If you haven’t been paying attention, cities are getting killed by ransomware. The number of cities that have fallen victim to ransomware just 2019 is too long to list. And once a city does get hit by ransomware, the question that always comes up is, should the city pay the ransom? It’s not an easy question to answer.
One the one hand, paying the ransom is no guarantee that the city will get their systems back. On the other hand, not paying the ransom leaves the city with the unknown financial burden of restoring their systems.
Some have chosen to pay the ransom. According to SC Magazine, “Lake City and Riviera Beach, Fla.; the Rockville Center, N.Y. School District; LaPorte County, Ind.; and Jackson County, Ga. all opted to pay.”
Some have chosen not to pay. “Baltimore and Atlanta chose not to pay their attackers, a decision that forced them to spend millions of dollars and rebuild over months.”
When it comes to the decision about what to do with ransomware, the country’s mayors have already decided. U.S. Mayors, at their yearly conference, adopted a resolution not to give in to ransomware demands.

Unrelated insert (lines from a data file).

Lemma sem_LF i q : sat i q <-> LF_holds i (LF q).
Proof.
elim: q i => [b p | | | a IHa b IHb | a IHa b IHb | a _ | a IHa b IHb | a IHa b IHb] i.
- split => [bi | [_ [_ [[[<- _] | []] [/andP [/eqP ? _] _]]]]] //.
  exists (Some [:: (b, p)]), [::]; split; first by left.
  by rewrite /= bi eqxx; split => // f [].
- by split => // _; exists (Some [::]), [::]; split; [left | split => // f []].
- by split => // [[? [? []]]].
- by rewrite LF_holds_lfprod -IHa -IHb.
- by rewrite LF_holds_cat -IHa -IHb.
- rewrite /= (sem_simp i.+1 a); split.
  + by case=> c [? ?]; exists (Some [::]), c; split => //; apply/In_map; exists c.
  + by case=> _ [c [/In_map [d [? [_ <-]]] [_ ?]]]; exists d.
- by rewrite sat_untilE LF_holds_cat LF_holds_extend IHa IHb.
- rewrite sat_releaseE LF_holds_cat LF_holds_extend LF_holds_lfprod IHa IHb.
  tauto.
Qed.
End Semantics.

Section Syntax.
Variable AP : eqType.

Fixpoint fsize (f : form AP) : nat :=
  match f with
  | And a b | Or a b | Until a b | Release a b => (fsize a + fsize b).+1
  | Next a => (fsize a).+1
  | _ => 0
  end.

Definition isUR (f : form AP) : bool :=
  if f is (Until _ _ | Release _ _) then true else false.

Lemma dplus_size f g : In f (dplus g) -> fsize f <= fsize g.
Proof.
elim: g => [b p | | | a IHa b IHb | a IHa b IHb | a IHa | a IHa b IHb | a IHa b IHb] /=;
  rewrite ?In_cat; try (by case=> [<- | []]).
- by case=> [/IHa | /IHb]; lia.
- by case=> [/IHa | /IHb]; lia.
- by case=> [<- | /IHa] //=; lia.
- by case=> [<- | [/IHa | /IHb]] //=; lia.
- by case=> [<- | [/IHa | /IHb]] //=; lia.
Qed.

Lemma dplus_trans (g h f : form AP) : In g (dplus h) -> In f (dplus g) -> In f (dplus h).
Proof.
elim: h => [b p | | | a IHa b IHb | a IHa b IHb | a IHa | a IHa b IHb | a IHa b IHb] /=;
  rewrite ?In_cat; try (by case=> [<- | []]).
- by case=> [/IHa | /IHb]; tauto.
- by case=> [/IHa | /IHb]; tauto.
- by case=> [<- | /IHa]; tauto.
- by case=> [<- /= | [/IHa | /IHb]]; rewrite ?In_cat; tauto.
- by case=> [<- /= | [/IHa | /IHb]]; rewrite ?In_cat; tauto.
Qed.
(* mw(G): minimum over all orderings (duplicate-free #|T|-tuples, i.e.
   permutations of V(G)).  The neutral element #|T| is an upper bound for every
   order_mw, and the index set is never empty. *)
Definition matching_width (T : finType) (e : rel T) : nat :=
  \big[minn/#|T|]_(s : #|T|.-tuple T | uniq s) order_mw e s.

(* Fix an ordering v_1, ..., v_n of the vertices and write V_c for {v_1, ..., v_c}.
   For every cut V_c we choose a maximal matching M_c of G_c: its endpoints
   V(M_c) meet every edge of G_c and number at most 2 nu(G_c).  The bag of v_c
   is {v_c} together with V(M_c), so its size is at most 2 mw + 1.
   The matchings are built one after another so that the bags containing a
   vertex are consecutive: passing from V_c to V_(c+1), the pairs whose right end
   stays outside the cut are kept, the vertex whose partner v_(c+1) just entered
   the cut is rematched if possible, and the result is extended greedily to a
   maximal matching.  Hence a vertex outside the cut, once covered, stays covered
   until it enters, and a vertex inside the cut is never covered afresh.  An edge
   x y with x before y then lies in a common bag: either y is covered when x
   enters, or x is covered then and either stays covered until y enters or
   loses its partner at some cut in between, where y is already covered. *)

From mathcomp Require Import all_boot zify boolp.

And now it seems the taxpayers in those cities have spoken also.
According to a survey, conducted by Morning Consult and sponsored by IBM Security, of 2,200 U.S. citizens, “Sixty percent of taxpayers said they are against giving in to the ransom demanded by malicious actors. The same number stated they would rather see their tax dollars go toward paying for a recovery effort – even if it is more expensive – than putting their hard-earned dollars into a criminal’s pocket.”
Some of the survey results were shocking. “While citizens are most likely to support payment of ransoms for services they see as critical, the services they do not consider critical are surprising. More than 30 percent of taxpayers surveyed wouldn’t support payment of any amount to assist 911 emergency services, police departments and school systems if they were targeted by a cyberattack.”
While the Mayors and taxpayers have let everyone know where they stand on the ransomware issue, the question that arises is, are they worried about the wrong thing? Rather than worrying about whether or not to pay the ransom, shouldn’t they be more concerned about following best security practices to make sure their city isn’t a victim of ransomware in the first place?
The answer is obviously yes. Best practices for avoiding ransomware include providing employee awareness training and deploying anti-phishing software like that from DuoCircle.
Anti-phishing software, with real-time link click protection, costs on the order of 30 cents per employee per month. For taxpayers who are obviously worried about their hard-earned tax dollars, that seems like a much easier decision than whether or not to pay a ransom.